See “Direction flags” in “Extending ctags with Regex parser (optlib)” for examples of using the direction flags.

Listing subparsers

Subparsers can be listed with --list-subparser:

$ ctags --options=./linux.ctags --list-subparsers=C
#NAME                          BASEPARSER           DIRECTION
linux                          C                    base => sub {shared}

Command line interface

Running subparser can be controlled with subparser (s) extras flag. By default it is enabled. To turning off the feature running subparser, specify --extras=-s.

Examples of subparser

Automake/Make parser combination

Simply to say the syntax of Automake is the subset of Make. However, the Automake parser has interests in Make macros having special suffixes: _PROGRAMS, _LTLIBRARIES, and _SCRIPTS so on.

Here is an example of input for Automake:

bin_PROGRAMS = ctags
ctags_CPPFLAGS =    \
        -I.         \
        -I$(srcdir) \
        -I$(srcdir)/main

From the point of the view of the Make parser, bin_PROGRAMS is a just a macro; the Make parser tags bin_PROGRAMS as a macro. The Make parser doesn’t tag ctags being right side of ‘=’ because it is not a new name: just a value assigned to bin_PROGRAMS. However, for the Automake parser ctags is a new name; the Automake parser tags ctags with kind Program. The Automake parser can tag it with getting help from the Make parser.

The Automake parser is an exclusive subparser. It is chosen in top down way; an input file name Makefile.am gives enough information for choosing the Automake parser.

To give chances to the Automake parser to capture Automake own definitions, The Make parser provides following interface in parsers/make.h:

struct sMakeSubparser {
        subparser subparser;

        void (* valueNotify) (makeSubparser *s, char* name);
        void (* directiveNotify) (makeSubparser *s, char* name);
        void (* newMacroNotify) (makeSubparser *s,
                                 char* name,
                                 bool withDefineDirective,
                                 bool appending);
};

The Automake parser defines methods for tagging Automake own definitions in a struct sMakeSubparser type variable, and runs the Make parser by calling scheduleRunningBaseparser function.

The Make parser tags Make own definitions in an input file.
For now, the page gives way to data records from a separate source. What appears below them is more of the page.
Definition gauge_ideal {V : RVS} (nu : V -> R) (S : V -> Prop) : Prop :=
  is_subspace S /\
  forall (x : V) (a b : nat -> V),
    (forall n, S (a n)) -> (forall n, S (b n)) ->
    Un_cv (fun n => nu (vsub x (a n))) 0 ->
    Un_cv (fun n => nu (vsub (b n) x)) 0 ->
    S x.

Definition is_glb (E : R -> Prop) (m : R) : Prop :=
  (forall r, E r -> m <= r) /\ (forall m', (forall r, E r -> m' <= r) -> m' <= m).

Definition kernel_is {V W : RVS} (f : V -> W) (S : V -> Prop) : Prop :=
  forall x, S x <-> f x = vzero.

(* If phi is gauge-bounded with kernel S and x is approximated from below and
   from above by elements of S, then omega(phi x) and omega(-phi x) are bounded
   by multiples of quantities tending to 0, so phi x = 0 by properness of omega.
   Conversely, for a gauge ideal S the infimum gauge q on V/S is a gauge and pi
   is contractive; if q(x+S) = q(-x+S) = 0, choosing representatives of x+S and
   of -x+S with nu-values below 1/(n+1) yields sequences in S approximating x
   from both sides, so x lies in S and x+S = 0.  Hence pi itself witnesses the
   kernel characterisation. *)

From Stdlib Require Import Reals Lra Lia Classical
  FunctionalExtensionality PropExtensionality ProofIrrelevance
  IndefiniteDescription.
Open Scope R_scope.

Section VectorAlgebra.
Variable V : RVS.
Implicit Types x y z : V.

Lemma vadd_0_l x : vadd vzero x = x.
Proof. rewrite vadd_comm; apply vadd_0. Qed.

Lemma vadd_opp_l x : vadd (vopp x) x = vzero.
Proof. rewrite vadd_comm; apply vadd_opp. Qed.

Lemma vadd_cancel_l z x y : vadd z x = vadd z y -> x = y.
Proof.
  intros H.
  rewrite <- (vadd_0_l x), <- (vadd_0_l y), <- (vadd_opp_l z),
    <- !vadd_assoc, H.
  reflexivity.
Qed.

Lemma vscal_0_l x : vscal 0 x = vzero.
Proof.
  apply (vadd_cancel_l (vscal 0 x)).
  rewrite vadd_0, <- vscal_distr_s, Rplus_0_r; reflexivity.
Qed.

Lemma vscal_0_r (a : R) : vscal a (@vzero V) = vzero.
Proof.
  apply (vadd_cancel_l (vscal a vzero)).
  rewrite vadd_0, <- vscal_distr_v, vadd_0; reflexivity.
Qed.

Lemma vopp_vscal x : vopp x = vscal (-1) x.
Proof.
  apply (vadd_cancel_l x).
  rewrite vadd_opp, <- (vscal_1 V x) at 1.
  rewrite <- vscal_distr_s, Rplus_opp_r, vscal_0_l; reflexivity.
Qed.

Lemma vopp_0 : vopp (@vzero V) = vzero.
Proof. rewrite vopp_vscal; apply vscal_0_r. Qed.

Lemma vopp_vadd x y : vopp (vadd x y) = vadd (vopp x) (vopp y).
Proof. rewrite !vopp_vscal; apply vscal_distr_v. Qed.

Lemma vopp_involutive x : vopp (vopp x) = x.
Proof.
  rewrite !vopp_vscal, vscal_assoc.
  replace (-1 * -1) with 1 by ring; apply vscal_1.
Qed.

Lemma vscal_vopp (a : R) x : vscal a (vopp x) = vopp (vscal a x).
Proof. rewrite !vopp_vscal, !vscal_assoc, Rmult_comm; reflexivity. Qed.

Lemma vsub_diag x : vsub x x = vzero.
Proof. apply vadd_opp. Qed.

Lemma vsub_0_r x : vsub x vzero = x.
Proof. unfold vsub; rewrite vopp_0, vadd_0; reflexivity. Qed.

Lemma vsub_0_l x : vsub vzero x = vopp x.
Proof. apply vadd_0_l. Qed.

Lemma vsub_vsub_r x y : vsub x (vsub x y) = y.
Proof.
  unfold vsub.
  rewrite vopp_vadd, vopp_involutive, vadd_assoc, vadd_opp, vadd_0_l.
  reflexivity.
Qed.

Lemma vsub_vadd_l x y : vsub (vadd x y) x = y.
Proof.
  unfold vsub.
  rewrite (vadd_comm V x y), <- vadd_assoc, vadd_opp, vadd_0; reflexivity.
Qed.

Lemma vsub_swap x y : vsub y x = vopp (vsub x y).
Proof.
  unfold vsub; rewrite vopp_vadd, vopp_involutive; apply vadd_comm.
Qed.

Lemma vsub_trans x y z : vadd (vsub x y) (vsub y z) = vsub x z.
Proof.
  unfold vsub.
  rewrite <- vadd_assoc, (vadd_assoc V (vopp y)), vadd_opp_l, vadd_0_l.
  reflexivity.
Qed.

Lemma vsub_vadd2 (a b c d : V) :
  vsub (vadd a b) (vadd c d) = vadd (vsub a c) (vsub b d).
Proof.
  unfold vsub; rewrite vopp_vadd, !vadd_assoc; f_equal.
  rewrite <- !vadd_assoc; f_equal; apply vadd_comm.
Qed.

Lemma vsub_vscal (a : R) x y : vsub (vscal a x) (vscal a y) = vscal a (vsub x y).
Proof. unfold vsub; rewrite vscal_distr_v, vscal_vopp; reflexivity. Qed.

Lemma vsub_vopp x y : vsub (vopp x) (vopp y) = vopp (vsub x y).
Proof. unfold vsub; rewrite vopp_vadd; reflexivity. Qed.

End VectorAlgebra.

Section LinearMaps.
Variables V W : RVS.
Variable f : V -> W.
Hypothesis f_lin : is_linear f.

Lemma linear_0 : f vzero = vzero.
Proof.
  apply (vadd_cancel_l W (f vzero)).
  rewrite <- (proj1 f_lin), !vadd_0; reflexivity.
Qed.

Lemma linear_opp x : f (vopp x) = vopp (f x).
Proof. rewrite !vopp_vscal, (proj2 f_lin); reflexivity. Qed.

Lemma linear_sub x y : f (vsub x y) = vsub (f x) (f y).
Proof. unfold vsub; rewrite (proj1 f_lin), linear_opp; reflexivity. Qed.

Lemma kernel_is_of_fibres (S : V -> Prop) :
  (forall x y, f x = f y <-> S (vsub x y)) -> kernel_is f S.
Proof.
  intros Hfib x.
  rewrite <- linear_0, Hfib, vsub_0_r; tauto.
Qed.

End LinearMaps.

Section Subspaces.
Variable V : RVS.
Variable S : V -> Prop.
Hypothesis S_sub : is_subspace S.

Lemma subspace_add x y : S x -> S y -> S (vadd x y).
Proof. apply S_sub. Qed.

Lemma subspace_scal (a : R) x : S x -> S (vscal a x).
Proof. apply S_sub. Qed.

Lemma subspace_opp x : S x -> S (vopp x).
Proof. rewrite vopp_vscal; apply subspace_scal. Qed.

End Subspaces.

Lemma Un_cv_0_of_lt_inv_succ (u : nat -> R) :
  (forall n, 0 <= u n) -> (forall n, u n < / INR (S n)) -> Un_cv u 0.
Proof.
  intros Hpos Hlt eps Heps.
  destruct (archimed_cor1 eps Heps) as [N [HN HN0]].
  exists N; intros n Hn; unfold Rdist.
  rewrite Rminus_0_r, Rabs_pos_eq by auto.
  apply Rlt_le_trans with (/ INR (S n)); auto.
  apply Rle_trans with (/ INR N); [| lra].
  apply Rinv_le_contravar; [apply lt_0_INR; lia | apply le_INR; lia].
Qed.

Lemma eq_0_of_le_mult_Un_cv_0 (c C : R) (u : nat -> R) :
  0 <= c -> 0 < C -> (forall n, c <= C * u n) -> Un_cv u 0 -> c = 0.
Proof.
  intros Hc HC Hbound Hu.
  destruct (Req_dec c 0) as [| Hne]; auto; exfalso.
  destruct (Hu (c / C)) as [N HN]; [apply Rdiv_lt_0_compat; lra |].
  specialize (HN N (le_n N)); unfold Rdist in HN; rewrite Rminus_0_r in HN.
  assert (C * u N < C * (c / C)).
  { apply Rmult_lt_compat_l; [lra | eapply Rle_lt_trans; [apply Rle_abs | exact HN]]. }
  replace (C * (c / C)) with c in H by (field; lra).
  specialize (Hbound N); lra.
Qed.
In addition Make parser calls the methods during parsing the input file.

$ ctags --fields=+lK  --extras=+r -o - Makefile.am
bin  Makefile.am     /^bin_PROGRAMS = ctags$/;"      directory       language:Automake
bin_PROGRAMS Makefile.am     /^bin_PROGRAMS = ctags$/;"      macro   language:Make
ctags        Makefile.am     /^bin_PROGRAMS = ctags$/;"      program language:Automake       directory:bin
ctags_CPPFLAGS       Makefile.am     /^ctags_CPPFLAGS =    \\$/;"    macro   language:Make

bin_PROGRAMS and ctags_CPPFLAGS are tagged as macros of Make. In addition bin is tagged as directory, and ctags as program of Automake.

bin is tagged in a callback function assigned to newMacroFound method. ctags is tagged in a callback function assigned to valuesFound method.
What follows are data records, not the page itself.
(* Let $n_i\le r_i$ ($i=1,2$) be nonnegative integers and let $(X_{1,1},\dots,X_{1,n_1},X_{2,1},\dots,X_{2,n_2})$ be $\{0,1\}$-valued and $(n_1,n_2)$-DFPE, with associated point $w=(w_{l_1,l_2})_{(l_1,l_2)\ne(0,0),\,0\le l_i\le n_i}$. Then the sequence is $(r_1,r_2)$-extendible if and only if $w\in\operatorname{conv}\{\lambda^{(n_1,n_2)}_{k_1,k_2;\,r_1,r_2}:0\le k_1\le r_1,\ 0\le k_2\le r_2\}$.
   Context: A family $(X_{1,1},\dots,X_{1,n_1},X_{2,1},\dots,X_{2,n_2})$ of random variables is $(n_1,n_2)$-DFPE (partially exchangeable in the sense of de Finetti) if its joint law is invariant under any permutation of the indices $1,\dots,n_1$ of the first group together with any permutation of the indices $1,\dots,n_2$ of the second group. For such a $\{0,1\}$-valued family set $w_{l_1,l_2}=P(X_{1,1}=\dots=X_{1,l_1}=1,\ X_{2,1}=\dots=X_{2,l_2}=1)$ for $0\le l_i\le n_i$. The family is $(r_1,r_2)$-extendible ($r_i\ge n_i$) if there is an $(r_1,r_2)$-DFPE $\{0,1\}$-valued family $(Y_{1,1},\dots,Y_{1,r_1},Y_{2,1},\dots,Y_{2,r_2})$ such that $(Y_{1,1},\dots,Y_{1,n_1},Y_{2,1},\dots,Y_{2,n_2})$ has the same law as the original family. For integers $m$ and $k\ge0$, $(m)_k=m(m-1)\cdots(m-k+1)$, $(m)_0=1$. For $0\le k_i\le r_i$, $\lambda^{(n_1,n_2)}_{k_1,k_2;\,r_1,r_2}$ is the point with the same coordinate indexing as $w$ whose $(l_1,l_2)$-coordinate is $\dfrac{(k_1)_{l_1}(k_2)_{l_2}}{(r_1)_{l_1}(r_2)_{l_2}}$. *)

From HB Require Import structures.
From mathcomp Require Import all_boot all_order all_algebra all_fingroup.
Set Implicit Arguments. Unset Strict Implicit. Unset Printing Implicit Defensive.
Import Order.TTheory GRing.Theory Num.Theory.
Local Open Scope ring_scope.

(* Outcomes of a {0,1}-valued family (X_{1,1..n1}, X_{2,1..n2}):
   a pair of boolean vectors (true = 1). *)
Definition outcome (n1 n2 : nat) : finType :=
  ({ffun 'I_n1 -> bool} * {ffun 'I_n2 -> bool})%type.

Definition is_law (R : realFieldType) (n1 n2 : nat) (p : outcome n1 n2 -> R) :=
  (forall x, 0 <= p x) /\ \sum_(x : outcome n1 n2) p x = 1.

Definition permute_outcome (n1 n2 : nat) (s1 : 'S_n1) (s2 : 'S_n2)
  (x : outcome n1 n2) : outcome n1 n2 :=
  ([ffun i => x.1 (s1 i)], [ffun j => x.2 (s2 j)]).

Definition DFPE (R : realFieldType) (n1 n2 : nat) (p : outcome n1 n2 -> R) :=
  forall (s1 : 'S_n1) (s2 : 'S_n2) (x : outcome n1 n2),
    p (permute_outcome s1 s2 x) = p x.

(* w_{l1,l2} = P(X_{1,1}=..=X_{1,l1}=1, X_{2,1}=..=X_{2,l2}=1) *)
Definition wcoord (R : realFieldType) (n1 n2 : nat) (p : outcome n1 n2 -> R)
  (l1 l2 : nat) : R :=
  \sum_(x : outcome n1 n2 |
        [forall i : 'I_n1, (i < l1)%N ==> x.1 i] &&
        [forall j : 'I_n2, (j < l2)%N ==> x.2 j]) p x.

Definition restricts (n1 n2 r1 r2 : nat) (y : outcome r1 r2) (x : outcome n1 n2)
  : bool :=
  [forall i : 'I_n1, forall j : 'I_r1, (i == j :> nat) ==> (y.1 j == x.1 i)] &&
  [forall i : 'I_n2, forall j : 'I_r2, (i == j :> nat) ==> (y.2 j == x.2 i)].

Definition extendible (R : realFieldType) (n1 n2 r1 r2 : nat)
  (p : outcome n1 n2 -> R) :=
  exists q : outcome r1 r2 -> R,
    [/\ is_law q, DFPE q &
        forall x : outcome n1 n2, p x = \sum_(y : outcome r1 r2 | restricts y x) q y].

Definition lambda_coord (R : realFieldType) (r1 r2 k1 k2 l1 l2 : nat) : R :=
  ((k1 ^_ l1)%:R * (k2 ^_ l2)%:R) / ((r1 ^_ l1)%:R * (r2 ^_ l2)%:R).

Definition in_conv_lambda (R : realFieldType) (n1 n2 r1 r2 : nat)
  (w : nat -> nat -> R) :=
  exists c : 'I_r1.+1 -> 'I_r2.+1 -> R,
    [/\ forall k1 k2, 0 <= c k1 k2,
        \sum_(k1 < r1.+1) \sum_(k2 < r2.+1) c k1 k2 = 1 &
        forall l1 l2 : nat, (l1 <= n1)%N -> (l2 <= n2)%N -> (l1, l2) <> (0%N, 0%N) ->
          w l1 l2 = \sum_(k1 < r1.+1) \sum_(k2 < r2.+1)
                      c k1 k2 * lambda_coord R r1 r2 k1 k2 l1 l2].

From HB Require Import structures.
From mathcomp Require Import all_boot all_order all_algebra all_fingroup.
From mathcomp Require Import zify.
Set Implicit Arguments. Unset Strict Implicit. Unset Printing Implicit Defensive.
Import GRing.Theory Num.Theory.

(* An (r1,r2)-outcome falls in the class C(k1,k2) when it has k1 ones in the
   first group and k2 in the second.  Two boolean vectors with the same number
   of ones differ by a permutation, so DFPE laws are exactly the laws that are
   constant on classes.  For such a law q, the outcomes of C(k1,k2) whose first
   l1, resp. l2, coordinates are ones form the fraction
   C(r1-l1,k1-l1) C(r2-l2,k2-l2) / (C(r1,k1) C(r2,k2)) = lambda_{k1,k2}(l1,l2)
   of the class (a hypergeometric count), hence
       w_{l1,l2}(q) = sum_{k1,k2} q(C(k1,k2)) lambda_{k1,k2}(l1,l2).
   Marginalizing to the first (n1,n2) coordinates preserves DFPE and the
   coordinates w_{l1,l2} with l_i <= n_i.  Finally the lambda points with
   k_i <= n_i form a triangular system with nonzero diagonal, so a
   class-constant law on (n1,n2)-outcomes is determined by its w-coordinates.
   The theorem follows: the class masses of an extension are convex weights
   for w; conversely, spreading given convex weights uniformly over the
   classes yields a DFPE law whose marginal has the w-coordinates of p, hence
   is p. *)

Definition ones m (y : {ffun 'I_m -> bool}) : nat := #|[set i | y i]|.

Definition permute_vec m (s : 'S_m) (y : {ffun 'I_m -> bool}) : {ffun 'I_m -> bool} :=
  [ffun i => y (s i)].

Lemma ones_le m (y : {ffun 'I_m -> bool}) : ones y <= m.
Proof. by rewrite /ones -[leqRHS](card_ord m) max_card. Qed.

Lemma ones_count m (y : {ffun 'I_m -> bool}) : ones y = count y (enum 'I_m).
Proof.
rewrite /ones -sum1_count -sum1_card big_enum_cond /=.
by apply: eq_bigl => i; rewrite inE.
Qed.

Lemma ones_permute m (s : 'S_m) (y : {ffun 'I_m -> bool}) :
  ones (permute_vec s y) = ones y.
Proof.
rewrite /ones -[RHS](card_preimset _ (@perm_inj _ s)).
by apply: eq_card => i; rewrite !inE ffunE.
Qed.

Lemma perm_eq_bool (s t : seq bool) :
  size s = size t -> count id s = count id t -> perm_eq s t.
Proof.
move=> eq_size eq_true; apply/seq.permP => a.
have count_false u : count negb u = size u - count id u.
  by rewrite -(count_predC id u) addKn.
case aT: (a true); case aF: (a false).
- by rewrite !(@eq_count _ a predT) ?count_predT // => -[].
- by rewrite !(@eq_count _ a id) // => -[].
- by rewrite !(@eq_count _ a negb) ?count_false ?eq_size ?eq_true // => -[].
- by rewrite !(@eq_count _ a pred0) ?count_pred0 // => -[].
Qed.

Lemma ones_eq_permute m (y y' : {ffun 'I_m -> bool}) :
  ones y = ones y' -> exists s : 'S_m, y' = permute_vec s y.
Proof.
move=> eq_ones.
have /tuple_permP[s eq_tuples] : perm_eq [tuple y' i | i < m] [tuple y i | i < m].
  apply: perm_eq_bool; first by rewrite !size_tuple.
  by rewrite /= !count_map -enumT; move: eq_ones; rewrite !ones_count.
exists s; apply/ffunP => i; rewrite ffunE.
have := congr1 (fun t : m.-tuple bool => tnth t i) (val_inj eq_tuples).
by rewrite !tnth_mktuple.
Qed.

(* Number of [k]-subsets of a finite type containing a given set [P]:
   such a set is [P] together with a [(k - #|P|)]-subset of [~: P]. *)
Lemma card_supersets (T : finType) (P : {set T}) k :
  #|[set A : {set T} | (#|A| == k) && (P \subset A)]| =
  if #|P| <= k then 'C(#|T| - #|P|, k - #|P|) else 0.
Proof.
case: leqP => [leP | ltP]; last first.
  apply: eq_card0 => A; rewrite !inE; apply/negbTE/negP => /andP[/eqP cardA sPA].
  by have := subset_leq_card sPA; rewrite cardA leqNgt ltP.
pose fresh := [set B : {set T} | (B \subset ~: P) && (#|B| == k - #|P|)].
have notinP (B : {set T}) x : B \subset ~: P -> x \in P -> (x \in B) = false.
  by move=> sBP xP; apply/negbTE/negP => /(subsetP sBP); rewrite inE xP.
have -> : [set A : {set T} | (#|A| == k) && (P \subset A)] = [set B :|: P | B in fresh].
  apply/setP => A; rewrite inE; apply/idP/imsetP.
  - case/andP => /eqP cardA sPA; exists (A :\: P).
      rewrite inE (cardsDS sPA) cardA eqxx andbT.
      by apply/subsetP => x; rewrite !inE => /andP[].
    apply/setP => x; rewrite !inE; case xP: (x \in P); rewrite ?orbT ?orbF //.
    exact: (subsetP sPA).
  - case=> B; rewrite inE => /andP[sBP /eqP cardB] ->.
    have BIP : B :&: P = set0.
      by apply/setP => x; rewrite !inE; case xP: (x \in P); rewrite ?andbF ?(notinP B).
    have := cardsUI B P; rewrite BIP cards0 addn0 cardB subnK // => ->.
    by rewrite eqxx subsetUr.
rewrite card_in_imset; last first.
  move=> B1 B2; rewrite !inE => /andP[sB1 _] /andP[sB2 _] eqU; apply/setP => x.
  have := congr1 (fun A : {set T} => x \in A) eqU; rewrite !inE /=.
  case xP: (x \in P); last by rewrite !orbF.
  by rewrite (notinP B1) // (notinP B2).
by rewrite cards_draws -(cardsC P) addKn.
Qed.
--extras=+r is used in the example. Reference (r) extra is needed to tag bin. bin is not defined in the line, bin_PROGRAMS =. bin is referenced as a name of directory where programs are stored. Therefore r is needed.
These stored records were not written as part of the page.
(* Viewed in R[i], A is hermitian, hence unitarily diagonalisable with a real
   spectrum; if no eigenvalue were positive, the quadratic form of A would be
   nonpositive, contradicting its positive value on the all-ones vector. *)
Lemma symmx_sum_gt0_eigen_gt0 n (A : 'M[R]_n) : A^T = A ->
  0 < \sum_i \sum_j A i j -> exists2 a, eigenvalue A a & 0 < a.
Proof.
move=> Asym Apos; set A' := map_mx (real_complex R) A.
have real_cR (x : R) : real_complex R x \is Num.real.
  by rewrite realE ler0c -[0 : R[i]]/(real_complex R 0) lecR -realE num_real.
have A'herm : A' \is hermsymmx.
  apply: realsym_hermsym; last by apply/mxOverP => i j; rewrite mxE real_cR.
  by apply/is_hermitianmxP; rewrite expr0 scale1r map_mx_id // /A' map_trmx Asym.
set P := spectralmx A'; set d := spectral_diag A'.
have A'E : A' = invmx P *m diag_mx d *m P.
  by apply/orthomx_spectralP; exact: hermitian_normalmx.
have Punit : P \in unitmx := spectral_unit A'.
have [k dk_gt0] : exists k, 0 < d 0 k.
  apply/existsP; apply: contraT; rewrite negb_exists => /forallP d_le0.
  set u : 'rV[R[i]]_n := const_mx 1; set w := u *m P^t*.
  have formE : (u *m A' *m u^T) 0 0 = real_complex R (\sum_i \sum_j A i j).
    rewrite !mxE exchange_big rmorph_sum; apply: eq_bigr => j _ /=.
    rewrite !mxE rmorph_sum big_distrl /=; apply: eq_bigr => i _.
    by rewrite !mxE mul1r mulr1.
  have formD : u *m A' *m u^T = w *m diag_mx d *m w^t*.
    have PuE : P *m u^T = w^t*.
      rewrite /w trmx_mul map_mxM trmxCK; congr (_ *m _).
      by apply/matrixP => i j; rewrite !mxE rmorph1.
    by rewrite A'E (invmx_unitary (spectral_unitarymx A')) -PuE /w !mulmxA.
  have : (u *m A' *m u^T) 0 0 <= 0.
    rewrite formD mxE; apply: sumr_le0 => i _.
    rewrite mul_mx_diag !mxE -mulrA mulrC -mulrA; apply: mulr_le0_ge0.
      by have := d_le0 i; rewrite (real_ltNge (real0 _) (mxOverP
        (hermitian_spectral_diag_real A'herm) 0 i)) negbK.
    by rewrite mulrC mul_conjC_ge0.
  by rewrite formE -[0 : R[i]]/(real_complex R 0) lecR leNgt Apos.
have dkE : real_complex R (complex.Re (d 0 k)) = d 0 k.
  by have := ger0_Im (ltW dk_gt0); case: (d 0 k) => re im /= ->.
exists (complex.Re (d 0 k)); last by move: dk_gt0; rewrite ltcE => /andP[].
rewrite -eigenvalue_map_real_complex dkE; apply/eigenvalueP; exists (row k P).
  have /(congr1 (row k)) : P *m A' = diag_mx d *m P.
    by rewrite A'E !mulmxA mulmxV // mul1mx.
  by rewrite -row_mul => ->; apply/rowP => j; rewrite mul_diag_mx !mxE.
apply/eqP => /(congr1 (fun v => v *m invmx P)).
rewrite rowE mulmxK // mul0mx => /matrixP /(_ 0 k).
by rewrite !mxE !eqxx /= => /eqP; rewrite oner_eq0.
Qed.

End SymmetricSpectrum.

Section NonnegativeMatrix.
Variables (R : realFieldType) (m : nat) (A : 'M[R]_m).
Hypothesis A_ge0 : forall i j, 0 <= A i j.

Lemma eigenvector_normmax (a : R) : eigenvalue A a ->
  exists v : 'rV_m, exists M, exists j,
    [/\ v *m A = a *: v, 0 < M, `|v 0 j| = M & forall i, `|v 0 i| <= M].
Proof.
move=> /eigenvalueP [v vA v_neq0].
have [i vi_neq0] : exists i, v 0 i != 0.
  apply/existsP; apply: contraT; rewrite negb_exists => /forallP v0.
  move: v_neq0; apply: contraNT => _; apply/eqP/rowP => i.
  by have := v0 i; rewrite negbK mxE => /eqP.
have [j _ Mj] := @eq_bigmax _ _ _ 0 i xpredT (fun i => `|v 0 i|) isT
  (fun i _ => normr_ge0 _).
exists v, (\big[Num.max/0]_i `|v 0 i|), j; split => //.
  by apply: lt_le_trans (le_bigmax _ _ i); rewrite normr_gt0.
by move=> k; apply: le_bigmax.
Qed.

Lemma eigenvector_norm_le_colsum (a : R) (v : 'rV_m) k : v *m A = a *: v ->
  `|a| * `|v 0 k| <= \sum_i `|v 0 i| * A i k.
Proof.
move=> /(congr1 (fun w : 'rV_m => w 0 k)); rewrite -normrM !mxE => <-.
apply: le_trans (ler_norm_sum _ _ _) _.
by apply: ler_sum => i _; rewrite normrM (ger0_norm (A_ge0 i k)).
Qed.

Lemma weighted_colsum_le (v : 'rV[R]_m) (M : R) k : (forall i, `|v 0 i| <= M) ->
  \sum_i `|v 0 i| * A i k <= M * \sum_i A i k.
Proof. by move=> vM; rewrite big_distrr; apply: ler_sum => i _; apply: ler_wpM2r. Qed.

Lemma eigenvalue_norm_le_colsum (a c : R) : eigenvalue A a ->
  (forall k, \sum_i A i k <= c) -> `|a| <= c.
Proof.
move=> Aa Ac; have [v [M [j [vA M_gt0 vjM vM]]]] := eigenvector_normmax Aa.
have := eigenvector_norm_le_colsum j vA; rewrite vjM => aM_le.
rewrite -(ler_pM2r M_gt0); apply: le_trans aM_le (le_trans (weighted_colsum_le j vM) _).
by rewrite mulrC ler_pM2r.
Qed.

Lemma eigenvalue_colsum_eq (c : R) : eigenvalue A c ->
  (forall i j, i != j -> 0 < A i j) -> (forall k, \sum_i A i k <= c) ->
  forall k, \sum_i A i k = c.
Proof.
move=> Ac A_gt0 c_ge; have [v [M [j [vA M_gt0 vjM vM]]]] := eigenvector_normmax Ac.
have cM_le k : `|v 0 k| = M -> c * M <= \sum_i `|v 0 i| * A i k.
  move=> vkM; rewrite -vkM; apply: le_trans (eigenvector_norm_le_colsum k vA).
  by rewrite ler_wpM2r ?real_ler_norm ?num_real.
have v_normE i : `|v 0 i| = M.
  have gap_ge0 i' : xpredT i' -> 0 <= (M - `|v 0 i'|) * A i' j.
    by move=> _; rewrite mulr_ge0 ?subr_ge0.
  have gap0 : \sum_i (M - `|v 0 i|) * A i j = 0.
    apply/eqP; rewrite eq_le sumr_ge0 // andbT.
    under eq_bigr do rewrite mulrBl; rewrite sumrB -mulr_sumr subr_le0.
    by apply: le_trans _ (cM_le j vjM); rewrite mulrC ler_pM2r.
  have [->//|ij] := eqVneq i j.
  move/eqP: (psumr_eq0P gap_ge0 gap0 (i := i) isT).
  by rewrite mulf_eq0 (gt_eqF (A_gt0 _ _ ij)) orbF subr_eq0 => /eqP.
move=> k; apply/eqP; rewrite eq_le c_ge /= -(ler_pM2r M_gt0) [X in _ <= X]mulrC.
apply: le_trans (cM_le k (v_normE k)) (weighted_colsum_le k _).
by move=> i; rewrite v_normE.
Qed.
For tagging ctags, the Automake parser must recognize bin in bin_PROGRAMS first. ctags is tagged because it is specified as a value for bin_PROGRAMS. As the result r is also needed to tag ctags.

Only Automake related tags are emitted if Make parser is disabled.

$ ctags --languages=-Make --fields=+lKr --extras=+r -o - Makefile.am
bin     Makefile.am     /^bin_PROGRAMS = ctags$/;"      directory       language:Automake       roles:program
ctags   Makefile.am     /^bin_PROGRAMS = ctags$/;"      program language:Automake       directory:bin

Autoconf/M4 parser combination

Universal Ctags uses m4 parser as a base parser and Autoconf parse as a subparser for configure.ac input file.

AC_DEFUN([PRETTY_VAR_EXPAND],
          [$(eval "$as_echo_n" $(eval "$as_echo_n" "${$1}"))])

The m4 parser finds no definition here. However, Autoconf parser finds PRETTY_VAR_EXPAND as a macro definition. Syntax like (...) is part of M4 language. So Autoconf parser is implemented as a subparser of m4 parser. The most parts of tokens in input files are handled by M4. Autoconf parser gives hints for parsing configure.ac and registers callback functions to Autoconf parser.